Their first attempt to cross the sea was with Abu Dandi. There was something about his shady looks and face that suggested he lacked honor and could not be trusted. In his fifties, he was heavy, with a large, protruding belly, and short white hair. He was addicted to overcooked black tea, and spent most of his time at the ‘Syrian Club’ playing backgammon, oozing the crude confidence of an unatoned gambler.  

Other Palestinian refugees pledged all of their faith to finding a new life via this no-guarantees trip. But an hour after their journey began, the dinghy’s small engine came to a complete halt.  

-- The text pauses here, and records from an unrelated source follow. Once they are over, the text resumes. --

(* Let $G$ be a simple graph on $n$ vertices with $cM_2(G)\ge cM_2(H)$ for every simple graph $H$ on $n$ vertices, and let $F$, $X$, $Y$ be as defined in the context. If $u\in X$, $v\in Y$ and $uv\in E(G)$, then $\overrightarrow{uv}$ is an arc of $F$ (in particular $d_G(u)>d_G(v)$).
   Context: All graphs are finite and simple; $d_G(u)$ is the degree of $u$ and $cM_2(G)=\sum_{uv\in E(G)}|d_G(u)^2-d_G(v)^2|$. The canonical mixed graph $F$ of $G$ has vertex set $V(G)$; for each edge $uv\in E(G)$: if $d_G(u)>d_G(v)$ then $F$ contains the arc $\overrightarrow{uv}$, and if $d_G(u)=d_G(v)$ then $F$ contains the undirected edge $uv$. $d^+_F(u)$ (resp. $d^-_F(u)$) is the number of arcs of $F$ with tail (resp. head) $u$. $X=\{u\in V(G): d^+_F(u)\ge d^-_F(u)\}$ and $Y=\{u\in V(G): d^+_F(u)< d^-_F(u)\}$. *)

From mathcomp Require Import all_boot.
Set Implicit Arguments. Unset Strict Implicit. Unset Printing Implicit Defensive.

Definition simple_graph (n : nat) (g : rel 'I_n) : Prop :=
  (forall x y, g x y = g y x) /\ (forall x, g x x = false).

Definition deg (n : nat) (g : rel 'I_n) (u : 'I_n) : nat := #|[set w | g u w]|.

Definition absdiff (a b : nat) : nat := (a - b) + (b - a).

Definition cM2 (n : nat) (g : rel 'I_n) : nat :=
  \sum_(u : 'I_n) \sum_(v : 'I_n | (u < v) && g u v)
     absdiff (deg g u ^ 2) (deg g v ^ 2).
Lemma mseq_count_ones : count (fun n => u n == 1) (iota 0%N T) = (2 ^ L.-1)%N.
Proof.
(* Over one period the length-L windows are pairwise distinct and nonzero, so
   the tails of the windows starting with 1 are distinct, and so are those
   starting with 0, which moreover avoid the zero tail. *)
pose tail n := [ffun i : 'I_L.-1 => u (n + i.+1)%N].
have tailE n i (lt_i : (i.+1 < L)%N) :
    u (n + i.+1)%N = tail n (Ordinal (etrans (ltn_predRL i L) lt_i)).
  by rewrite ffunE.
have card_tails : #|{ffun 'I_L.-1 -> 'F_2}| = (2 ^ L.-1)%N.
  by rewrite card_ffun card_Fp // card_ord.
have uniq_tails (x : 'F_2) : uniq (map tail [seq n <- iota 0%N T | u n == x]).
  rewrite map_inj_in_uniq ?filter_uniq ?iota_uniq // => a b.
  rewrite !mem_filter !mem_iota => /andP[/eqP ua /andP[_ a_lt]].
  move=> /andP[/eqP ub /andP[_ b_lt]] eq_tail.
  apply: mseq_window_inj => // -[|i] lt_i; first by rewrite !addn0 ua ub.
  by rewrite !(tailE _ _ lt_i) eq_tail.
have ones_le : (count (fun n => u n == 1%R) (iota 0 T) <= 2 ^ L.-1)%N.
  rewrite -size_filter -(size_map tail) -(card_uniqP (uniq_tails 1%R)) -card_tails.
  exact: max_card.
have zeros_le : (count (fun n => u n == 0%R) (iota 0 T) <= (2 ^ L.-1).-1)%N.
  rewrite -size_filter -(size_map tail) -(card_uniqP (uniq_tails 0%R)) -card_tails.
  rewrite -(cardC1 ([ffun=> 0] : {ffun 'I_L.-1 -> 'F_2})) subset_leq_card //.
  apply/subsetP => f /mapP[n].
  rewrite mem_filter => /andP[/eqP un0 _] -> /=; rewrite !inE.
  apply/eqP => tail0; apply: (mseq_window_neq0 (a := n)) => -[|i] lt_i.
    by rewrite addn0.
  by rewrite (tailE _ _ lt_i) tail0 ffunE.
have ones_zeros : (count (fun n => u n == 1%R) (iota 0 T)
    + count (fun n => u n == 0%R) (iota 0 T) = T)%N.
  rewrite -[RHS](size_iota 0%N) -(count_predC (fun n => u n == 1%R)); congr (_ + _)%N.
  by apply: eq_count => n; rewrite /= F2_neq1.
have exp_L : (2 ^ L = 2 * 2 ^ L.-1)%N by rewrite -[in LHS](prednK L_gt0) expnS.
move: ones_le zeros_le ones_zeros exp_L; move: (count _ _) (count _ _).
move: (2 ^ L)%N (2 ^ L.-1)%N => pL pL1 ones zeros; lia.
Qed.

End MaximalLengthSequence.

(** * The shrunken sequence as a decimation *)

Section PeriodicEnumeration.

Variables (S : pred nat) (t : nat -> nat) (T N : nat).
Hypotheses (t_incr : forall j, (t j < t j.+1)%N)
  (t_enum : forall n, S n <-> exists j, t j = n).
Hypotheses (S_per : forall n, S (n + T)%N = S n) (S_count : count S (iota 0%N T) = N).

Local Notation cnt m := (count S (iota 0%N m)).

Let leq_t : {mono t : i j / (i <= j)%N}.
Proof. exact/leq_mono/(homo_ltn ltn_trans t_incr). Qed.

Let cntS m : cnt m.+1 = (cnt m + S m)%N.
Proof. by rewrite -addn1 iotaD count_cat /= addn0. Qed.

Lemma enum_lt_count m i : (t i < m)%N = (i < cnt m)%N.
Proof.
elim: m i => [|m IHm] i //; rewrite ltnS leq_eqVlt IHm cntS.
have [Sm|nSm] := boolP (S m); last first.
  rewrite addn0 orbC; case: eqP => [tim|]; last by rewrite orbF.
  by case/negP: nSm; apply/t_enum; exists i.
have [k tk] := (t_enum m).1 Sm.
have k_cnt : k = cnt m.
  apply/eqP; rewrite eqn_leq -leq_t tk leqNgt IHm ltnn /=.
  by rewrite leqNgt -IHm tk ltnn.
by rewrite -[X in t i == X]tk (inj_eq (incn_inj leq_t)) k_cnt addn1 ltnS [RHS]leq_eqVlt.
Qed.

Lemma count_enum i : cnt (t i) = i.
Proof.
have eq_lt j : (j < i)%N = (j < cnt (t i))%N.
  by rewrite -enum_lt_count (leqW_mono leq_t).
by apply/eqP; rewrite eqn_leq leqNgt -eq_lt ltnn leqNgt eq_lt ltnn.
Qed.

Lemma count_periodic m : cnt (m + T) = (cnt m + N)%N.
Proof.
elim: m => [|m IHm]; first by rewrite add0n S_count.
by rewrite addSn !cntS IHm S_per addnAC.
Qed.

Lemma enum_periodic j : t (j + N)%N = (t j + T)%N.
Proof.
have [k tk] : exists k, t k = (t j + T)%N.
  by apply/t_enum; rewrite S_per; apply/t_enum; exists j.
suff -> : (j + N)%N = k by [].
by rewrite -(count_enum k) tk count_periodic count_enum.
Qed.

End PeriodicEnumeration.

Lemma shrunken_lin_rec (P : {poly 'F_2}) (u v z : nat -> 'F_2) (T N : nat) :
    (forall n, u (n + T)%N = u n) -> count (fun n => u n == 1) (iota 0%N T) = N ->
  lin_rec (P \Po 'X^T) v -> shrunken u v z -> lin_rec (P \Po 'X^N) z.
Proof.
move=> u_per u_count rec_v [t [t_incr t_enum zE]] j.
have enum_ones n : (u n == 1) <-> exists i, t i = n.
  by split=> [/eqP/t_enum|/t_enum ->].
have ones_per n : (u (n + T)%N == 1) = (u n == 1) by rewrite u_per.
have t_shift := enum_periodic t_incr enum_ones ones_per u_count.
have t_shiftM i : t (j + i * N)%N = (t j + i * T)%N.
  by elim: i => [|i IHi]; rewrite ?addn0 // !mulSnr !addnA t_shift IHi.
rewrite -/(shift_act _ _ _) shift_act_compXn -[RHS](rec_v (t j)).
rewrite -/(shift_act _ _ _) shift_act_compXn.
by apply: eq_bigr => i _; rewrite zE t_shiftM.
Qed.

Lemma poly_F2_sqr_comp (p : {poly 'F_2}) : p ^+ 2 = p \Po 'X^2.
Proof.
have two0 : (2%:R : {poly 'F_2}) = 0 by rewrite -polyC_natr pchar_Fp_0.
elim/poly_ind: p => [|p c IHp]; first by rewrite comp_poly0 expr0n.
rewrite sqrrD -mulr_natr two0 mulr0 addr0 exprMn IHp -polyC_exp expr2_F2.
by rewrite comp_polyD comp_polyM comp_polyX comp_polyC.
Qed.

Lemma poly_F2_exp2n_comp (p : {poly 'F_2}) k : p ^+ (2 ^ k) = p \Po 'X^(2 ^ k).
Proof.
elim: k => [|k IHk]; first by rewrite expn0 expr1 comp_polyXr.
by rewrite expnSr exprM IHk poly_F2_sqr_comp -comp_polyA comp_Xn_poly -exprM mulnC.
Qed.

Lemma expn_sub1D m a c : (0 < m)%N ->
  (m ^ (a + c) - 1 = m ^ c * (m ^ a - 1) + (m ^ c - 1))%N.
Proof.
move=> m_gt0; rewrite expnD mulnC mulnBr muln1.
have : (1 <= m ^ c <= m ^ c * m ^ a)%N.
  by rewrite expn_gt0 m_gt0 leq_pmulr ?expn_gt0 ?m_gt0.
by move: (m ^ c)%N (m ^ c * m ^ a)%N => x y; lia.
Qed.

Lemma gcdn_expn_sub1 m a b : (0 < m)%N ->
  gcdn (m ^ a - 1) (m ^ b - 1) = (m ^ gcdn a b - 1)%N.
Proof.
move=> m_gt0; move def_n: (a + b)%N => n.
elim/ltn_ind: n a b def_n => n IHn a b def_n.
wlog le_ab : a b def_n / (a <= b)%N => [wlog_ab|].
  have [|/ltnW] := leqP a b; first exact: wlog_ab.
  by rewrite gcdnC (gcdnC a); apply: wlog_ab; rewrite addnC.
have [-> | a_gt0] := posnP a; first by rewrite expn0 subnn !gcd0n.
rewrite -(subnKC le_ab) expn_sub1D // gcdnMDl gcdnDl (IHn (a + (b - a))%N) //.
by rewrite subnKC // -def_n -{1}[b]add0n ltn_add2r.
Qed.


(** * Conjugates of a primitive root of unity *)

Lemma map_polyXnB (K E : nzRingType) (f : {rmorphism K -> E}) m :
  map_poly f ('X^m - 1) = 'X^m - 1.
Proof. by rewrite rmorphB rmorph1 /= map_polyXn. Qed.

Lemma root_XnB (K : nzRingType) (x : K) m : root ('X^m - 1) x = (x ^+ m == 1).
Proof. by rewrite /root hornerD hornerN hornerXn hornerC subr_eq0. Qed.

In one single, heavy choke, without any sign or introduction, it completely expired. As alarm permeated Khaled from head to toe, he knew going back was just not an option. Adding to the acute drama, Maysam’s fears and anxieties were culminating into unintelligible mumbles about the scary sea below. 

Left without any options, Abu Dandi called the Turkish coast guard, who eventually showed up and hauled them back to an Izmir prison.  

They had met the captain of the second dinghy, Abu Salma, while in prison. Captured freshly after his own failed expedition, Abu Salma promised them deliverance or their money back, guaranteed. Sadly, their original payment was never refunded by the miserable smuggler with the protruding belly.  

The second expedition was not successful, either, although, this time, the smugglers managed to take the boat much further. The engine did not abruptly stop, but nervously made a ticking sound before it quickly began to hemorrhage a line of dark diesel fuel into the crisp, blue Mediterranean Sea. The pathetic dinghy then suddenly stalled, immediately on reaching Greek waters. When the coast guard intercepted them, they threw out a rope from their large boat so that they could haul the unwelcome passengers to safety.  

Trying to circumvent the Greek boat, the passengers rowed frantically and with all their remaining energy. It was as if this was their final task in their epic struggle to feel human again. But the dinghy was brought to a forced halt as the crushing emotions of defeat weighed heavy on their slouched backs.  

With little interest in bringing the refugees to their side of the sea, the Greek coast guard robotically tuned out their chronicles of death and disgrace, and quickly telephoned the Turkish gendarmes who hauled the dinghy back to square one, holding its passengers prisoner for two more days.  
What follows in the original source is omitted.